"There will come a day when the temperature won't fall below 100 degrees in Phoenix during the nighttime," Dr. Andrew Ross, a professor of social and cultural analysis at New York University who wrote "Bird on Fire: Lessons from the World's Least Sustainable City," told Salon. "That will be a threshold of some kind."
The American Southwest has long been a refuge for those seeking the health benefits of warm, dry air and sunny days. But too much of a good thing is not a good thing — for human health or for the natural ecosystem. Now, the Southwest is facing a reckoning: decades of human development, coupled with rising global temperatures as a result of carbon emissions, means that many major cities in the Southwest may become uninhabitable for humans this century.

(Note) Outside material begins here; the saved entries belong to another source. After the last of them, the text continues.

Lemma normaliser_subgroup A : is_subgroup G (normaliser A).
Proof.
  unfold normaliser, normalizer_in. split; [|split].
  - split. exact I. intro z. rewrite conjg1. tauto.
  - intros x y [_ hx] [_ hy]. split. exact I. intro z. rewrite conjgM, <- hy, <- hx. tauto.
  - intros x [_ hx]. split. exact I. intro z. rewrite (hx (z ^c inv x)), conjgKV. tauto.
Qed.
Lemma conjset_normaliser A n x : normaliser A n -> conjset A n x <-> A x.
Proof.
  intros hn. destruct (groupV _ _ (normaliser_subgroup A) hn) as [_ h].
  unfold conjset. rewrite <- h. tauto.
Qed.
Lemma normaliser_self L s : is_subgroup G L -> L s -> normaliser L s.
Proof.
  intros sL hs. split. exact I. intro x. split; intro hx.
  - now apply (groupJ L).
  - rewrite <- (conjgK x s). apply (groupJ L); auto. now apply (groupV L).
Qed.


Lemma finite_index_eq_r A B B' :
  (forall x, B x <-> B' x) -> finite_index G A B -> finite_index G A B'.
Proof. intros e [l [h1 h2]]. exists l. split; intros x hx; [apply e, h1 | apply h2, e]; auto. Qed.
Lemma finite_index_sub_l A A' B :
  (forall x, A x -> A' x) -> finite_index G A B -> finite_index G A' B.
Proof.
  intros e [l [h1 h2]]. exists l. split; auto.
  intros x hx. destruct (h2 x hx) as [y [? ?]]. eauto.
Qed.
Lemma finite_index_refl A : is_subgroup G A -> finite_index G A A.
Proof.
  intros sA. exists [one]. split.
  - intros y [<-|[]]. now apply group1.
  - intros x hx. exists one. split. now left. now rewrite invg1, mul1g.
Qed.

Lemma list_choice {T : Type} (l : list T) (Q : T -> G -> Prop) :
  exists l' : list G, (forall z, In z l' -> exists t, In t l /\ Q t z) /\
     forall t, In t l -> (exists z, Q t z) -> exists z, In z l' /\ Q t z.
Proof.
  induction l as [|a l [l' [h1 h2]]].
  - exists []. split; intros _ [].
  - destruct (classic (exists z, Q a z)) as [[z hz]|hn].
    + exists (z :: l'). split.
      * intros z' [<-|h]. exists a; split; auto; now left.
        destruct (h1 z' h) as [t [? ?]]. exists t; split; auto; now right.
      * intros t [<-|ht] he. exists z; split; auto; now left.
        destruct (h2 t ht he) as [z' [? ?]]. exists z'; split; auto; now right.
    + exists l'. split.
      * intros z' h. destruct (h1 z' h) as [t [? ?]]. exists t; split; auto; now right.
      * intros t [<-|ht] he. contradiction. auto.
Qed.

Lemma finite_index_restrict K C A : is_subgroup G K -> is_subgroup G A ->
  finite_index G K C -> (forall x, A x -> C x) -> finite_index G (fun x => K x /\ A x) A.
Proof.
  intros sK sA [l [_ hl]] hAC.
  destruct (list_choice l (fun y a => A a /\ lcoset_eq K y a)) as [l' [h1 h2]].
  exists l'. split.
  - intros z hz. destruct (h1 z hz) as [t [_ [? _]]]; auto.
  - intros x hx. destruct (hl x (hAC x hx)) as [y [hy hk]].
    destruct (h2 y hy) as [z [hz [hAz hKz]]]. exists x; auto.
    exists z. split; auto. split.
    + apply (lcoset_eq_trans K z y x); auto. now apply lcoset_eq_sym.
    + apply (groupM A); auto. now apply (groupV A).
Qed.

Lemma finite_index_meet A B C : is_subgroup G A -> is_subgroup G B ->
  finite_index G A C -> finite_index G B C -> finite_index G (fun x => A x /\ B x) C.
Proof.
  intros sA sB [l1 [_ h1]] [l2 [_ h2]].
  destruct (list_choice (list_prod l1 l2)
    (fun p c => C c /\ lcoset_eq A (fst p) c /\ lcoset_eq B (snd p) c)) as [l' [k1 k2]].
  exists l'. split.
  - intros z hz. destruct (k1 z hz) as [t [_ [? _]]]; auto.
  - intros x hx. destruct (h1 x hx) as [y [hy ha]]. destruct (h2 x hx) as [y' [hy' hb]].
    destruct (k2 (y, y')) as [z [hz [hCz [hAz hBz]]]];
      [now apply in_prod | exists x; simpl; auto |].
    exists z. simpl in *. split; auto.
    split; [apply (lcoset_eq_trans A z y x) | apply (lcoset_eq_trans B z y' x)];
      auto using lcoset_eq_sym.
Qed.

Lemma finite_index_trans A B C : is_subgroup G C -> (forall x, B x -> C x) ->
  finite_index G A B -> finite_index G B C -> finite_index G A C.
Proof.
  intros sC hBC [l2 [k2 h2]] [l1 [k1 h1]].
  exists (flat_map (fun y => map (fun z => y ** z) l2) l1). split.
  - intros w hw. apply in_flat_map in hw as [y [hy hw]].
    apply in_map_iff in hw as [z [<- hz]]. apply (groupM C); auto.
  - intros x hx. destruct (h1 x hx) as [y [hy hb]]. destruct (h2 _ hb) as [z [hz ha]].
    exists (y ** z). split.
    + apply in_flat_map. exists y; split; auto. apply in_map_iff; eauto.
    + rewrite invMg, <- mulA. exact ha.
Qed.

Lemma finite_index_conjset A B g :
  finite_index G A B -> finite_index G (conjset A g) (conjset B g).
Proof.
  intros [l [k h]]. exists (map (fun y => y ^c g) l). split.
  - intros w hw. apply in_map_iff in hw as [y [<- hy]]. apply mem_conjset. auto.
  - intros x hx. destruct (h _ hx) as [y [hy ha]]. exists (y ^c g). split.
    + apply in_map_iff; eauto.
    + unfold conjset. rewrite conjMg, conjVg, conjgK. exact ha.
Qed.

Lemma finite_index_meet_trans A B C : is_subgroup G A -> is_subgroup G B ->
  is_subgroup G C -> finite_index G (fun x => A x /\ B x) A ->
  finite_index G (fun x => B x /\ C x) B -> finite_index G (fun x => A x /\ C x) A.
Proof.
  intros sA sB sC h1 h2.
  assert (h3 : finite_index G (fun x => (B x /\ C x) /\ (A x /\ B x)) (fun x => A x /\ B x)).
  { apply finite_index_restrict with B; auto using subgroup_meet. now intros x []. }
  assert (h4 : finite_index G (fun x => (B x /\ C x) /\ (A x /\ B x)) A).
  { apply finite_index_trans with (fun x => A x /\ B x); auto. now intros x []. }
  eapply finite_index_sub_l; [|exact h4]. simpl. tauto.
Qed.

Lemma finite_index_meet_list H (f : G -> G -> Prop) (ds : list G) : is_subgroup G H ->
  (forall d, In d ds -> is_subgroup G (f d)) ->
  (forall d, In d ds -> finite_index G (fun x => H x /\ f d x) H) ->
  finite_index G (fun x => H x /\ forall d, In d ds -> f d x) H.
Proof.
  intro sH. induction ds as [|a ds IH]; intros hs hf.
  - eapply finite_index_sub_l; [|exact (finite_index_refl H sH)].
    intros x hx. split; auto. intros _ [].
  - assert (s1 : is_subgroup G (fun x => H x /\ forall d, In d ds -> f d x)).
    { apply subgroup_meet; auto. repeat split.
      - intros d hd. apply group1, hs. now right.
      - intros x y hx hy d hd. apply groupM; auto. apply hs; now right.
      - intros x hx d hd. apply groupV; auto. apply hs; now right. }
    assert (h := finite_index_meet _ _ H (subgroup_meet _ _ sH (hs a (in_eq a ds))) s1
      (hf a (in_eq a ds)) (IH (fun d h => hs d (in_cons a d ds h))
                              (fun d h => hf d (in_cons a d ds h)))).
    eapply finite_index_sub_l; [|exact h].
    intros x [[hx ha] [_ hr]]. split; auto. intros d [<-|hd]; auto.
Qed.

The reason has to do with something called the Heat Island Effect, a concept that describes the effect in which the densely-populated, central parts of a city with lots of concrete and asphalt will have higher temperatures compared to the less populous areas, as Dr. Juan Declet-Barreto, senior social scientist at the Union of Concerned Scientists, explained to Salon. The term "island" is not a metaphor here, Declet-Barreto said, because when you look at a thermal map of many cities, "the temperatures inside the central parts of a city resemble an island, surrounded by a cooler ocean in the surrounding more rural areas." Obviously, the effect is apt to be more dire in desert cities like Phoenix.
Sarah Mincey, associate professor at Indiana University's O'Neill School of Public and Environmental Affairs, added that the Heat Island Effect is caused by urban centers gradually losing their tree canopies, meaning that sunlight is absorbed and held in by materials like roads and rooftops, which are typically darker in color. When they finally do release that heat back into the air, it increases the temperature experienced by the people in those urban environments.
"Tree canopies mitigate this as they can shade these surfaces, avoiding the absorption of heat in the first place and through the cooling effects of transpiration – releasing of moisture into their surrounding environments," Mincey explained. "In general, western US cities have less urban tree canopy cover than eastern US cities, so mitigation of UHI [Urban Heat Islands] there is likely more difficult."